1033 1031
Cet
☀11.6mag
Ø 3.4' / 66''
Drawing Uwe Glahn

William Herschel discovered NGC 1032 = H II-5 = h246 on 18 Dec 1783 (early sweep 47) and noted "vF, S, like a small comet, 3/4? above Delta Ceti." On 7 Nov 1785 (sweep 470), he called it "the nebula in the quartile. It is not quite R, but lE having vF rays sp and nf." His summary description (from 8 sweeps) reads "pB, S, lE, bM." This was first object WH found with the telescope moving vertically only and using reference stars as they passed through the eyepiece. NGC 1032 was his 10th overall deep sky discovery (according to his internal numbering). LdR's 1861 publication mentions "Spirality suspected".

200/250mm - 8" faint, small, very elongated WSW-ENE, weak concentration. Four mag 13 stars to north including one 1.8' NE.

400/500mm - 17.5" (10/29/94): fairly bright, fairly large, very elongated 4:1 WSW-ENE, 2.5'x0.6'. Dominated by a bright core which is broadly concentrated and contains a faint stellar nucleus. The extensions are smooth and unconcentrated. A mag 12.5-13 star is at the ENE edge 1.4' from the center and two mag 13 stars are along the north side (1.8' NE and 1.3' NNW of center) forming a right triangle.
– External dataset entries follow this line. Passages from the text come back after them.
Section BaseExpansion.
Variable k : nat.
Hypothesis k_gt1 : (1 < k)%N.

Lemma digits_lsb_fuel f f' n : (n <= f)%N -> (n <= f')%N ->
  digits_lsb k f n = digits_lsb k f' n.
Proof.
elim: f f' n => [|f IH] f' n; first by rewrite leqn0 => /eqP ->; case: f'.
case: f' => [|f'] nf nf'; first by move: nf'; rewrite leqn0 => /eqP ->.
rewrite /=; case: eqP => // /eqP n_neq0.
have lt_div : (n %/ k < n)%N by rewrite ltn_Pdiv // lt0n.
by congr (_ :: _); apply: IH; rewrite -ltnS; apply: leq_trans lt_div _.
Qed.

Lemma digits_lsbS n : (0 < n)%N ->
  digits_lsb k n n = n %% k :: digits_lsb k (n %/ k) (n %/ k).
Proof.
case: n => // n _ /=; congr (_ :: _); apply: digits_lsb_fuel => //.
by rewrite -ltnS ltn_Pdiv.
Qed.

Fixpoint low_digits l r : seq nat :=
  if l is l'.+1 then r %% k :: low_digits l' (r %/ k) else [::].

Lemma digits_lsb_mulD l m r : (0 < m)%N -> (r < k ^ l)%N ->
  digits_lsb k (m * k ^ l + r) (m * k ^ l + r) = low_digits l r ++ digits_lsb k m m.
Proof.
have k_gt0 : (0 < k)%N by apply: ltnW.
elim: l m r => [|l IH] m r m_gt0.
  by rewrite expn0 ltnS leqn0 => /eqP ->; rewrite muln1 addn0.
move=> r_lt; rewrite digits_lsbS; last by rewrite ltn_addr // muln_gt0 m_gt0 expn_gt0 k_gt0.
have -> : (m * k ^ l.+1 + r = m * k ^ l * k + r)%N by rewrite expnSr mulnA.
by rewrite modnMDl divnMDl // IH //= ltn_divLR // -expnSr.
Qed.

Lemma base_expansion_mulD l m r : (0 < m)%N -> (r < k ^ l)%N ->
  base_expansion k (m * k ^ l + r) = base_expansion k m ++ rev (low_digits l r).
Proof. by move=> m_gt0 r_lt; rewrite /base_expansion digits_lsb_mulD // rev_cat. Qed.

End BaseExpansion.

Section BlockCounts.
Variables (k : nat) (b : nat -> bool).
Hypothesis k_gt1 : (1 < k)%N.

Definition block_count m l := (\sum_(0 <= r < k ^ l) b (m * k ^ l + r))%N.

Lemma block_countS m l :
  block_count m l.+1 = (\sum_(0 <= j < k) block_count (m * k + j) l)%N.
Proof.
rewrite /block_count expnS sum_nat_blocks; apply: eq_big_nat => j _.
by apply: eq_big_nat => r _; rewrite !mulnDl addnA -mulnA.
Qed.

Lemma block_count_le m l : (block_count m l <= k ^ l)%N.
Proof.
apply: leq_trans (_ : \sum_(0 <= r < k ^ l) 1 <= _)%N.
  by apply: leq_sum => r _; apply: leq_b1.
by rewrite sum_nat_const_nat subn0 muln1.
Qed.

Lemma count_le_block_counts l N :
  (\sum_(1 <= n < N.+1) b n <= k ^ l + \sum_(1 <= j < (N %/ k ^ l).+1) block_count j l)%N.
Proof.
have kl_gt0 : (0 < k ^ l)%N by rewrite expn_gt0 ltnW.
have N_lt : (N.+1 <= (N %/ k ^ l).+1 * k ^ l)%N by apply: ltn_ceil.
apply: leq_trans (_ : \sum_(0 <= n < (N %/ k ^ l).+1 * k ^ l) b n <= _)%N.
  rewrite [X in (_ <= X)%N](big_cat_nat (n := N.+1)) //= (big_ltn (m := 0)) //=.
  by rewrite -addnA addnCA leq_addr.
rewrite (sum_nat_blocks (fun n => b n)) big_ltn //= leq_add2r.
exact: (block_count_le 0 l).
Qed.

Variable R : realType.
Local Open Scope classical_set_scope.
Local Open Scope ring_scope.

Lemma count_le_of_block_bound (eps : R) l N : 0 <= eps ->
    (forall m, (0 < m)%N -> (block_count m l)%:R <= eps * (k ^ l)%:R) ->
  \sum_(1 <= n < N.+1) ((b n)%:R : R) <= (k ^ l)%:R + eps * N%:R.
Proof.
move=> eps_ge0 block_bound; rewrite -natr_sum.
apply: le_trans (_ : (k ^ l + \sum_(1 <= j < (N %/ k ^ l).+1) block_count j l)%:R <= _).
  by rewrite ler_nat count_le_block_counts.
rewrite natrD lerD2l natr_sum.
apply: le_trans (_ : \sum_(1 <= j < (N %/ k ^ l).+1) (eps * (k ^ l)%:R) <= _).
  by apply: ler_sum_nat => j /andP [j_gt0 _]; apply: block_bound.
rewrite sumr_const_nat subn1 -mulrnAr ler_wpM2l // -mulr_natr -natrM ler_nat.
by rewrite mulnC leq_divM.
Qed.

Lemma density0_of_block_bounds :
    (forall eps : R, 0 < eps -> exists l,
      forall m, (0 < m)%N -> (block_count m l)%:R <= eps * (k ^ l)%:R) ->
  ((N%:R : R)^-1 * \sum_(1 <= n < N.+1) ((b n)%:R : R)) @[N --> \oo] --> 0.
Proof.
move=> block_bounds; apply/cvgrPdist_lt => e e_gt0.
have e2_gt0 : 0 < e / 2 by rewrite divr_gt0.
have [l block_bound] := block_bounds _ e2_gt0.
have [N0 N0_gt] : exists N0 : nat, (k ^ l)%:R / (e / 2) < N0%:R :> R.
  by eexists; apply: truncnS_gt.
exists N0.+1 => // N N0_lt /=.
have N_gt0 : 0 < N%:R :> R by rewrite ltr0n; apply: leq_trans N0_lt.
rewrite sub0r normrN ger0_norm; last first.
  by rewrite mulr_ge0 ?invr_ge0 ?ler0n // sumr_ge0.
apply: le_lt_trans (ler_wpM2l _ (count_le_of_block_bound N (ltW e2_gt0) block_bound)) _.
  by rewrite invr_ge0 ler0n.
have kl_lt : (k ^ l)%:R / (e / 2) < N%:R :> R.
  by apply: lt_le_trans N0_gt _; rewrite ler_nat ltnW.
rewrite mulrDr.
have -> : (N%:R)^-1 * (e / 2 * N%:R) = e / 2 by field; rewrite gt_eqF.
suff : (N%:R)^-1 * (k ^ l)%:R < e / 2 by lra.
by rewrite mulrC ltr_pdivrMr // mulrC -ltr_pdivrMr.
Qed.

Definition harmonic_count N : R := \sum_(1 <= n < N) (n%:R)^-1 * (b n)%:R.

Lemma harmonic_count_ge0 N : 0 <= harmonic_count N.
Proof. by apply: sumr_ge0 => n _; rewrite mulr_ge0 // invr_ge0. Qed.

Lemma harmonic_count_mono x y : (1 <= x)%N -> (x <= y)%N ->
  harmonic_count x <= harmonic_count y.
Proof.
move=> x_ge1 xy; rewrite /harmonic_count (big_cat_nat x_ge1 xy) /= lerDl.
by apply: sumr_ge0 => n _; rewrite mulr_ge0 // invr_ge0.
Qed.

Lemma block_density_le_harmonic m L : (0 < m)%N ->
  (block_count m L)%:R / (k ^ L)%:R <=
  m.+1%:R * \sum_(m * k ^ L <= n < m.+1 * k ^ L) (n%:R : R)^-1 * (b n)%:R.
Proof.
move=> m_gt0; have kL_gt0 : (0 < k ^ L)%N by rewrite expn_gt0 ltnW.
rewrite /block_count natr_sum mulr_suml mulr_sumr.
rewrite [X in _ <= X](_ : _ = \sum_(0 <= r < k ^ L)
    m.+1%:R * (((m * k ^ L + r)%:R)^-1 * (b (m * k ^ L + r))%:R)); last first.
  rewrite -{1}(add0n (m * k ^ L)%N) big_addn mulSnr addKn.
  by apply: eq_bigr => r _; rewrite addnC.
apply: ler_sum_nat => r /andP [_ r_lt].
rewrite mulrA mulrC; apply: ler_wpM2r => //.
rewrite ler_pdivlMr ?ltr0n ?addn_gt0 ?muln_gt0 ?m_gt0 ?kL_gt0 //.
rewrite mulrC ler_pdivrMr ?ltr0n // -natrM ler_nat.
by rewrite mulSnr leq_add2l ltnW.
Qed.

Lemma sum_block_densities_le_harmonic m L : (0 < m)%N ->
  \sum_(0 <= l < L) (block_count m l)%:R / (k ^ l)%:R <=
  m.+1%:R * harmonic_count (m * k ^ L).
Proof.
move=> m_gt0; elim: L => [|L IH].
  by rewrite big_geq // mulr_ge0 ?harmonic_count_ge0.
have kL_gt0 : (0 < k ^ L)%N by rewrite expn_gt0 ltnW.
have mkL_ge1 : (1 <= m * k ^ L)%N by rewrite muln_gt0 m_gt0.
have mkL_le : (m * k ^ L <= m.+1 * k ^ L)%N by rewrite leq_mul2r leqnSn orbT.
have mkL_leS : (m.+1 * k ^ L <= m * k ^ L.+1)%N.
  by rewrite expnSr mulnA; move: (k ^ L)%N kL_gt0 => x x_gt0; nia.
rewrite big_nat_recr //=.
apply: le_trans (_ : m.+1%:R * harmonic_count (m.+1 * k ^ L) <= _); last first.
  by rewrite ler_wpM2l // harmonic_count_mono // (leq_trans mkL_ge1).
rewrite /harmonic_count (big_cat_nat mkL_ge1 mkL_le) /= mulrDr.
exact: lerD IH (block_density_le_harmonic L m_gt0).
Qed.

Definition mean_block_density m L : R :=
  (L%:R)^-1 * \sum_(0 <= l < L) (block_count m l)%:R / (k ^ l)%:R.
900/1200mm - 48" (10/26/11): at 385x and 488x appears very bright, large, very elongated 4:1 WSW-ENE, 3.0'x0.8'. Well concentrated with a prominent, bulging oval core that brightens towards the center and long, thin, fainter tapering extensions that dim at the tips. A mag 13 star is at the tip of the ENE extension. The visual treat, though, is a razor thin dust lane that clearly bisects the large central buge. As the much fainter extensions start to taper down, the dust lane loses contrast and disappears towards the ends.